CFG-Enabled Training Sample Generation

  • Training samples now use CFG by default when generating flow model samples
    • Automatically enables use_cfg=True with guidance_scale=5.0
    • Provides better preview quality during training
    • Matches inference-time generation quality
    • Only applies to flow training (train_diff or train_diff_full)
    • Files: src/fluxflow_training/scripts/train.py (lines 927-928, 1192-1193)
    • Requires: fluxflow-core with CFG sample generation support

Multi-Dataset Pipeline Support

  • Define multiple named datasets for different pipeline steps
    • Support for both local and webdataset sources in same pipeline
    • Per-dataset configuration: batch_size, workers, image folders, URLs
    • Assign specific datasets to individual steps via dataset field
    • Optional default_dataset for steps without explicit assignment
  • Use cases:
    • Progressive training: High-res local → Low-res webdataset
    • Domain-specific: Train VAE on portraits, Flow on landscapes
    • Resource optimization: Local SSD for warmup, cloud storage for main training
  • Files: src/fluxflow_training/training/pipeline_config.py (DatasetConfig, parsing, validation)
  • Documentation: docs/MULTI_DATASET_TRAINING.md (285 lines with examples)
  • Example: examples/multi_dataset_pipeline.yaml

Auto-Create Missing Models in Pipeline Mode

  • Automatic model initialization when transitioning between pipeline steps
    • Prevents crashes when moving from VAE → Flow training
    • Auto-creates: flow_processor, text_encoder, compressor, expander, D_img (discriminator)
    • Uses default parameters from args (vae_dim, feature_maps_dim, text_embedding_dim)
    • Logs warnings when models are auto-created
    • Moves models to correct device automatically
  • User impact: Pipeline mode now more resilient; no manual model initialization required
  • Files: src/fluxflow_training/training/pipeline_orchestrator.py (lines 579-713)
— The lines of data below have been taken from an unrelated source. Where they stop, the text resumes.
(* Let $g>0$, $\gamma>0$, and let $\hat\nu:\mathbb R\to[\nu_0,\nu_1]$ be a stretch-limiting constitutive function (independent of $s$) as in the context. For $b\in(\nu_0,\nu_1)$, let $N(0)\in\mathbb R$ be the unique number with $$b=\int_0^1\hat\nu(N(0)+g\gamma s)\,ds,$$ so that the vertical uniform string hanging from $\mathbf 0$ to $b\mathbf k$ has tension $N(s)=N(0)+g\gamma s$. Let $\epsilon\in(0,1)$. Then for all $\gamma>0$ sufficiently small (depending on $\epsilon$ and $\hat\nu$) the following holds. If $$\nu_1-(1-\epsilon)\frac{g\gamma}{2}\hat\nu_{N^-}(N_1)\le b<\nu_1,$$ then $N(0)>0$ and $\frac{N_1-N(0)}{g\gamma}\in(0,1)$ (i.e. the string is a union of an elongated extensible segment and an inextensible segment). Conversely, if $N(0)>0$ and $\frac{N_1-N(0)}{g\gamma}\in(0,1)$, then $$\nu_1-(1+\epsilon)\frac{g\gamma}{2}\hat\nu_{N^-}(N_1)\le b<\nu_1.$$
   Context: Stretch-limited constitutive function: there are constants $N_0<0<N_1$ and $0<\nu_0<1<\nu_1$ with $\hat\nu(N)=\nu_0$ for $N\le N_0$, $\hat\nu(N)=\nu_1$ for $N\ge N_1$, $\hat\nu\in C^\infty([N_0,N_1];[\nu_0,\nu_1])$, $\hat\nu(0)=1$, and $\hat\nu'(N)\ge c>0$ on $[N_0,N_1]$. $\hat\nu_{N^-}(N_1)$ denotes the left derivative of $\hat\nu$ at $N_1$ (the derivative at $N_1$ of the restriction of $\hat\nu$ to $[N_0,N_1]$). The setting is a uniform vertical string of mass per unit reference length $\gamma$ with $\mathbf r(0)=\mathbf 0$, $\mathbf r(1)=b\mathbf k$, $\mathbf r=z\mathbf k$, stretch $z'(s)=\hat\nu(N(s))$ and tension $N(s)=N(0)+g\gamma s$; the stated integral equation is the condition $z(1)=b$, and existence/uniqueness of $N(0)$ for $b\in(\nu_0,\nu_1)$ holds because $N(0)\mapsto\int_0^1\hat\nu(N(0)+g\gamma s)ds$ is continuous and increasing on $[N_0-g\gamma,N_1]$ with values from $\nu_0$ to $\nu_1$. *)

From Stdlib Require Import Reals.
From Coquelicot Require Import Coquelicot.
Open Scope R_scope.

Definition stretch_limited (nu : R -> R) (N0 N1 nu0 nu1 : R) : Prop :=
  N0 < 0 /\ 0 < N1 /\ 0 < nu0 /\ nu0 < 1 /\ 1 < nu1 /\
  (forall N, N <= N0 -> nu N = nu0) /\
  (forall N, N1 <= N -> nu N = nu1) /\
  (forall N, N0 <= N <= N1 -> nu0 <= nu N <= nu1) /\
  nu 0 = 1 /\
  exists F : R -> R,
    (forall (n : nat) (x : R), ex_derive_n F n x) /\
    (forall x, N0 <= x <= N1 -> F x = nu x) /\
    (exists c, 0 < c /\ forall x, N0 <= x <= N1 -> c <= Derive F x).

Definition is_left_derive (f : R -> R) (x d : R) : Prop :=
  filterlim (fun h => (f (x + h) - f x) / h) (at_left 0) (locally d).

From Stdlib Require Import Reals Lra.
From Coquelicot Require Import Coquelicot.
Open Scope R_scope.

(* A stretch-limited nu is continuous, nondecreasing and equal to nu1 beyond
   N1, and its left derivative d at N1 is at least the positive lower bound of
   nu' on [N0, N1].  Write a = g gamma, so that the tension runs over
   [N(0), N(0) + a].  If N(0) >= N1 the string is inextensible and b = nu1.
   Otherwise monotonicity compares the profile with N1 - a (1 - s): for a
   small, nu1 - nu (N1 - t) lies between (1 -+ eps/2) d t on [0, a], hence
   b <= nu1 - (1 - eps/2) d a/2 when N(0) <= N1 - a and
   b >= nu1 - (1 + eps/2) d a/2 when N(0) >= N1 - a.  These locate N(0) in
   (N1 - a, N1) in both directions, and N1 - a > 0 for a < N1. *)

Definition clamp (a b x : R) : R := Rmax a (Rmin b x).

Lemma clamp_in_interval (a b x : R) : a <= b -> a <= clamp a b x <= b.
Proof. intros. unfold clamp, Rmax, Rmin. repeat destruct Rle_dec; lra. Qed.

Lemma clamp_le (a b x y : R) : x <= y -> clamp a b x <= clamp a b y.
Proof. intros. unfold clamp, Rmax, Rmin. repeat destruct Rle_dec; lra. Qed.

Lemma clamp_lipschitz (a b x y : R) :
  Rabs (clamp a b y - clamp a b x) <= Rabs (y - x).
Proof.
  unfold clamp, Rmax, Rmin. repeat destruct Rle_dec;
  unfold Rabs; repeat destruct Rcase_abs; lra.
Qed.

Lemma continuous_clamp (a b x : R) : continuous (clamp a b) x.
Proof.
  apply filterlim_locally. intros eps. exists eps. intros y Hy.
  unfold ball in *; simpl in *; unfold AbsRing_ball, abs, minus, plus, opp in *; simpl in *.
  pose proof (clamp_lipschitz a b x y) as Hlip. unfold Rminus in Hlip. lra.
Qed.

Lemma derive_lb_increment (f df : R -> R) (c a b : R) :
  a <= b ->
  (forall x, a <= x <= b -> is_derive f x (df x) /\ c <= df x) ->
  c * (b - a) <= f b - f a.
Proof.
  intros Hab Hf.
  destruct (MVT_gen f a b df) as (xi & Hxi & Hmvt);
    rewrite ?Rmin_left, ?Rmax_right in * by lra.
  - intros x Hx. apply Hf. lra.
  - intros x Hx. apply continuity_pt_filterlim, (ex_derive_continuous f).
    exists (df x). apply Hf. lra.
  - rewrite Hmvt. apply Rmult_le_compat_r; [lra | apply Hf; lra].
Qed.

Lemma is_left_derive_increment_bounds (f : R -> R) (x d eta : R) :
  is_left_derive f x d -> 0 < eta ->
  exists delta, 0 < delta /\ forall t, 0 <= t < delta ->
    (d - eta) * t <= f x - f (x - t) <= (d + eta) * t.
Proof.
  intros Hd Heta.
  destruct (proj1 (filterlim_locally _ _) Hd (mkposreal eta Heta)) as [delta Hdelta].
  exists delta. split; [apply cond_pos |]. intros t Ht.
  destruct (Req_dec t 0) as [-> | Ht0].
  { rewrite Rminus_0_r, Rmult_0_r, Rminus_diag. lra. }
  assert (Hball : ball 0 delta (- t)).
  { unfold ball; simpl; unfold AbsRing_ball, abs, minus, plus, opp; simpl.
    rewrite Ropp_0, Rplus_0_r, Rabs_Ropp, Rabs_pos_eq; lra. }
  specialize (Hdelta (- t) Hball ltac:(lra)).
  unfold ball in Hdelta; simpl in Hdelta;
    unfold AbsRing_ball, abs, minus, plus, opp in Hdelta; simpl in Hdelta.
  apply Rabs_def2 in Hdelta.
  replace ((f (x + - t) - f x) / - t) with ((f x - f (x - t)) / t) in Hdelta
    by (unfold Rminus; field; lra).
  set (q := (f x - f (x - t)) / t) in Hdelta.
  replace (f x - f (x - t)) with (q * t) by (unfold q; field; lra).
  split; nra.
Qed.

Lemma RInt_affine_01 (c k : R) : RInt (fun s => c - k * (1 - s)) 0 1 = c - k / 2.
Proof.
  apply is_RInt_unique.
  replace (c - k / 2) with (minus (c * 1 - k * (1 - 1 * 1 / 2)) (c * 0 - k * (0 - 0 * 0 / 2)))
    by (unfold minus, plus, opp; simpl; field).
  apply (is_RInt_derive (fun s => c * s - k * (s - s * s / 2))).
  - intros x _. auto_derive; [easy | field].
  - intros x _. apply (ex_derive_continuous (fun s => c - k * (1 - s))). auto_derive. easy.
Qed.

Lemma ex_RInt_affine_01 (c k : R) : ex_RInt (fun s => c - k * (1 - s)) 0 1.
Proof.
  apply (ex_RInt_continuous (V := R_CompleteNormedModule)). intros s _.
  apply (ex_derive_continuous (fun s => c - k * (1 - s))). auto_derive. easy.
Qed.

Lemma RInt_comp_affine_const (nu : R -> R) (M c N a : R) :
  (forall x, M <= x -> nu x = c) -> M <= N -> 0 <= a ->
  RInt (fun s => nu (N + a * s)) 0 1 = c.
Proof.
  intros Hc HN Ha.
  rewrite (RInt_ext _ (fun _ => c)), RInt_const.
  - unfold scal; simpl; unfold mult; simpl. ring.
  - intros s Hs. rewrite Rmin_left, Rmax_right in Hs by lra. apply Hc. nra.
Qed.

Section AffineProfile.

Variable nu : R -> R.
Hypothesis nu_nondecreasing : forall x y, x <= y -> nu x <= nu y.
Hypothesis nu_continuous : forall x, continuous nu x.

Lemma ex_RInt_comp_affine (N a : R) : ex_RInt (fun s => nu (N + a * s)) 0 1.
Proof.
  apply (ex_RInt_continuous (V := R_CompleteNormedModule)). intros s _.
  apply (continuous_comp (fun s => N + a * s) nu); [| apply nu_continuous].
  apply (ex_derive_continuous (fun s => N + a * s)). auto_derive. easy.
Qed.

Lemma RInt_comp_affine_le (M k N a : R) :
  0 <= a -> N <= M - a ->
  (forall t, 0 <= t <= a -> k * t <= nu M - nu (M - t)) ->
  RInt (fun s => nu (N + a * s)) 0 1 <= nu M - k * a / 2.
Proof.
  intros Ha HN Hk. rewrite <- RInt_affine_01.
  apply RInt_le; [lra | apply ex_RInt_comp_affine | apply ex_RInt_affine_01 |].
  intros s Hs.
  apply Rle_trans with (nu (M - a * (1 - s))).
  - apply nu_nondecreasing. nra.
  - assert (Hks := Hk (a * (1 - s)) ltac:(nra)). lra.
Qed.

Lemma RInt_comp_affine_ge (M k N a : R) :
  0 <= a -> M - a <= N ->
  (forall t, 0 <= t <= a -> nu M - nu (M - t) <= k * t) ->
  nu M - k * a / 2 <= RInt (fun s => nu (N + a * s)) 0 1.
Proof.
  intros Ha HN Hk. rewrite <- RInt_affine_01.
  apply RInt_le; [lra | apply ex_RInt_affine_01 | apply ex_RInt_comp_affine |].
  intros s Hs.
  apply Rle_trans with (nu (M - a * (1 - s))).
  - assert (Hks := Hk (a * (1 - s)) ltac:(nra)). lra.
  - apply nu_nondecreasing. nra.
Qed.

End AffineProfile.

Section StretchLimited.

Variables (nu : R -> R) (N0 N1 nu0 nu1 : R).
Hypothesis nu_stretch_limited : stretch_limited nu N0 N1 nu0 nu1.

Lemma stretch_limited_N0_lt_N1 : N0 < N1.
Proof. destruct nu_stretch_limited as (? & ? & _). lra. Qed.

Lemma stretch_limited_saturated (N : R) : N1 <= N -> nu N = nu1.
Proof. destruct nu_stretch_limited as (_ & _ & _ & _ & _ & _ & Hsat & _). apply Hsat. Qed.

Lemma stretch_limited_clamp (x : R) : nu x = nu (clamp N0 N1 x).
Proof.
  destruct nu_stretch_limited as (? & ? & _ & _ & _ & Hlow & Hhigh & _).
  unfold clamp, Rmax, Rmin. repeat destruct Rle_dec; try reflexivity.
  all: first [rewrite !Hhigh; lra | rewrite !Hlow; lra].
Qed.

Lemma stretch_limited_growth :
  exists c, 0 < c /\
    forall x y, N0 <= x <= y -> y <= N1 -> c * (y - x) <= nu y - nu x.
Proof.
  destruct nu_stretch_limited as (_ & _ & _ & _ & _ & _ & _ & _ & _ & F & HF & HFnu & c & Hc & HFc).
  exists c. split; [exact Hc |]. intros x y Hxy Hy.
  rewrite <- !HFnu by lra.
  apply (derive_lb_increment F (Derive F)); [lra |]. intros z Hz. split.
  - apply Derive_correct, (HF 1%nat).
  - apply HFc. lra.
Qed.

Lemma stretch_limited_nondecreasing (x y : R) : x <= y -> nu x <= nu y.
Proof.
  intros Hxy. pose proof stretch_limited_N0_lt_N1.
  destruct stretch_limited_growth as (c & Hc & Hgrowth).
  rewrite (stretch_limited_clamp x), (stretch_limited_clamp y).
  pose proof (clamp_in_interval N0 N1 x). pose proof (clamp_in_interval N0 N1 y).
  pose proof (clamp_le N0 N1 x y Hxy).
  assert (Hinc := Hgrowth (clamp N0 N1 x) (clamp N0 N1 y) ltac:(lra) ltac:(lra)).
  nra.
Qed.

Lemma stretch_limited_continuous (x : R) : continuous nu x.
Proof.
  pose proof stretch_limited_N0_lt_N1.
  destruct nu_stretch_limited as (_ & _ & _ & _ & _ & _ & _ & _ & _ & F & HF & HFnu & _).
  apply (continuous_ext (T := R_UniformSpace) (U := R_UniformSpace) (fun y => F (clamp N0 N1 y))).
  - intros y. rewrite (stretch_limited_clamp y), HFnu; [reflexivity |].
    apply clamp_in_interval. lra.
  - apply (continuous_comp (U := R_UniformSpace) (V := R_UniformSpace) (W := R_UniformSpace)
      (clamp N0 N1) F); [apply continuous_clamp |].
    apply (ex_derive_continuous (K := R_AbsRing) (V := R_NormedModule)), (HF 1%nat).
Qed.

Lemma stretch_limited_left_derive_pos (d : R) : is_left_derive nu N1 d -> 0 < d.
Proof.
  intros Hd. pose proof stretch_limited_N0_lt_N1.
  destruct stretch_limited_growth as (c & Hc & Hgrowth).
  destruct (is_left_derive_increment_bounds nu N1 d (c / 2) Hd) as (delta & Hdelta & Hbounds);
    [lra |].
  set (t := Rmin delta (N1 - N0) / 2).
  assert (Ht : 0 < t /\ t < delta /\ t < N1 - N0).
  { unfold t. pose proof (Rmin_l delta (N1 - N0)). pose proof (Rmin_r delta (N1 - N0)).
    pose proof (Rmin_glb_lt delta (N1 - N0) 0). lra. }
  (* c t <= nu N1 - nu (N1 - t) <= (d + c/2) t forces d >= c/2. *)
  assert (Hup := Hbounds t ltac:(lra)).
  assert (Hlow := Hgrowth (N1 - t) N1 ltac:(lra) ltac:(lra)).
  nra.
Qed.

End StretchLimited.

Lemma ratio_in_unit_interval (M N a : R) :
  0 < a -> (0 < (M - N) / a < 1 <-> M - a < N < M).
Proof.
  intros Ha. rewrite <- Rdiv_lt_1 by exact Ha. split.
  - intros [Hpos Hlt]. split; [lra |].
    apply Rlt_0_minus. replace (M - N) with ((M - N) / a * a) by (field; lra). nra.
  - intros [Hlo Hhi]. split; [apply Rdiv_lt_0_compat |]; lra.
Qed.

Theorem proposition3p2 (g : R) (nu : R -> R) (N0 N1 nu0 nu1 d eps : R) :
  0 < g ->
  stretch_limited nu N0 N1 nu0 nu1 ->
  is_left_derive nu N1 d ->
  0 < eps < 1 ->
  exists gamma0 : R, 0 < gamma0 /\
    forall (gamma b Nzero : R),
      0 < gamma < gamma0 ->
      nu0 < b < nu1 ->
      b = RInt (fun s => nu (Nzero + g * gamma * s)) 0 1 ->
      (nu1 - (1 - eps) * (g * gamma / 2) * d <= b < nu1 ->
         0 < Nzero /\ 0 < (N1 - Nzero) / (g * gamma) < 1) /\
      (0 < Nzero /\ 0 < (N1 - Nzero) / (g * gamma) < 1 ->
         nu1 - (1 + eps) * (g * gamma / 2) * d <= b < nu1).
Proof.
  intros Hg Hnu Hd Heps.
  pose proof (stretch_limited_left_derive_pos _ _ _ _ _ Hnu d Hd) as Hdpos.
  pose proof (stretch_limited_nondecreasing _ _ _ _ _ Hnu) as Hmono.
  pose proof (stretch_limited_continuous _ _ _ _ _ Hnu) as Hcont.
  pose proof (stretch_limited_saturated _ _ _ _ _ Hnu) as Hsat.
  assert (HN1 : 0 < N1) by (destruct Hnu as (_ & ? & _); lra).
  destruct (is_left_derive_increment_bounds nu N1 d (eps * d / 2) Hd)
    as (delta & Hdelta & Hbounds); [nra |].
  exists (Rmin delta N1 / g). split; [apply Rdiv_lt_0_compat; [apply Rmin_glb_lt |]; lra |].
  intros gamma b Nzero [Hgamma Hgamma0] Hb Hint.
  apply Rlt_div_r in Hgamma0; [| lra].
  pose proof (Rmin_l delta N1). pose proof (Rmin_r delta N1).
  set (a := g * gamma) in *.
  assert (Ha : 0 < a < delta /\ a < N1) by (unfold a; nra).
  rewrite ratio_in_unit_interval by lra.
  assert (Hsaturated : N1 <= Nzero -> b = nu1).
  { intros HN. rewrite Hint. apply (RInt_comp_affine_const nu N1); [exact Hsat | lra | lra]. }
  assert (Hupper : Nzero <= N1 - a -> b <= nu N1 - (d - eps * d / 2) * a / 2).
  { intros HN. rewrite Hint. apply RInt_comp_affine_le; [exact Hmono | exact Hcont | lra | lra |].
    intros t Ht. pose proof (Hbounds t ltac:(lra)). lra. }
  assert (Hlower : N1 - a <= Nzero -> nu N1 - (d + eps * d / 2) * a / 2 <= b).
  { intros HN. rewrite Hint. apply RInt_comp_affine_ge; [exact Hmono | exact Hcont | lra | lra |].
    intros t Ht. pose proof (Hbounds t ltac:(lra)). lra. }
  rewrite Hsat in Hupper, Hlower by lra.
  assert (0 < eps * d * a) by (repeat apply Rmult_lt_0_compat; lra).
  split.
  - intros [Hb_low _].
    destruct (Rle_lt_dec N1 Nzero) as [HN | HN]; [specialize (Hsaturated HN); lra |].
    destruct (Rle_lt_dec Nzero (N1 - a)) as [HN' | HN']; [specialize (Hupper HN'); lra |].
    lra.
  - intros [_ HN]. specialize (Hlower ltac:(lra)). lra.
Qed.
Model Validation Before Training

  • Pre-flight validation checks required models exist before creating trainers
  • Clear error messages listing missing models if validation fails
  • Prevents cryptic AttributeError crashes during training
  • Files: src/fluxflow_training/training/pipeline_orchestrator.py

🧪 Testing

  • Added 21 comprehensive unit tests for multi-dataset pipeline
    • DatasetConfig dataclass tests (3 tests)
    • Dataset parsing tests for local + webdataset (4 tests)
    • Step dataset assignment tests (3 tests)
    • Dataset validation tests (9 tests)
    • Backward compatibility tests (2 tests)
  • File: tests/unit/test_pipeline_multi_dataset.py

📚 Documentation

  • Major TRAINING_GUIDE.md improvements for YAML-first configuration
    • Added "Configuration Methods" section comparing YAML vs CLI approaches
    • Rewrote Quick Start with dual paths: "CLI Quick Test" vs "YAML Config (Production)"
    • Clear recommendation: YAML config for production, CLI for quick tests only
    • Feature comparison table showing YAML advantages
    • Eliminates confusion about external JSON optimizer configs
    • Emphasizes inline YAML optimizer configuration in pipeline mode
    • Impact: Users now understand YAML is the recommended production approach
    • Files: docs/TRAINING_GUIDE.md (lines 102-220)

🐛 Fixed

Logging and Sampling Bugs

  • CRITICAL: Missing JSONL records on crash/interrupt

    • Added f.flush() to progress_logger.log_metrics() to force immediate disk writes
    • Prevents data loss when training is interrupted or crashes
    • Impact: All metrics are now guaranteed to be written to disk immediately
    • Files: src/fluxflow_training/training/progress_logger.py:189
  • VAE snapshots generated during Flow-only training

    • Fixed safe_vae_sample() being called during pure Flow training (no VAE, no GAN, no SPADE)
    • Now generates VAE samples when encoder/decoder is being trained: train_vae=True OR gan_training=True OR train_spade=True
    • Correctly handles all encoder/decoder training modes:
      • VAE mode: Reconstruction loss training
      • GAN-only mode: Adversarial loss training without reconstruction
      • SPADE mode: Decoder SPADE conditioning training
    • Impact:
      • Eliminates confusing VAE samples during Flow-only training
      • Preserves samples for all encoder/decoder training modes
      • Reduces I/O overhead (~2-5 seconds per checkpoint for multi-image test sets)
      • Sample generation now accurately reflects active training modes
    • Files: src/fluxflow_training/scripts/train.py (lines 1168-1195)
  • Sample generation decoupled from checkpointing

    • Sample generation now triggered by sample_interval based on global_step (independent of checkpoint frequency)
    • Ensures consistent sample frequency across entire training run
    • Prevents missed samples when checkpoint interval doesn't align with sample needs
    • Impact: More reliable monitoring of training progress via samples
    • Files: src/fluxflow_training/scripts/train.py (lines 1168-1195)
    • Note: Sample filenames still use epoch parameter (passed at lines 1178, 1187) for compatibility
  • Linting errors in pipeline configuration (trailing whitespace)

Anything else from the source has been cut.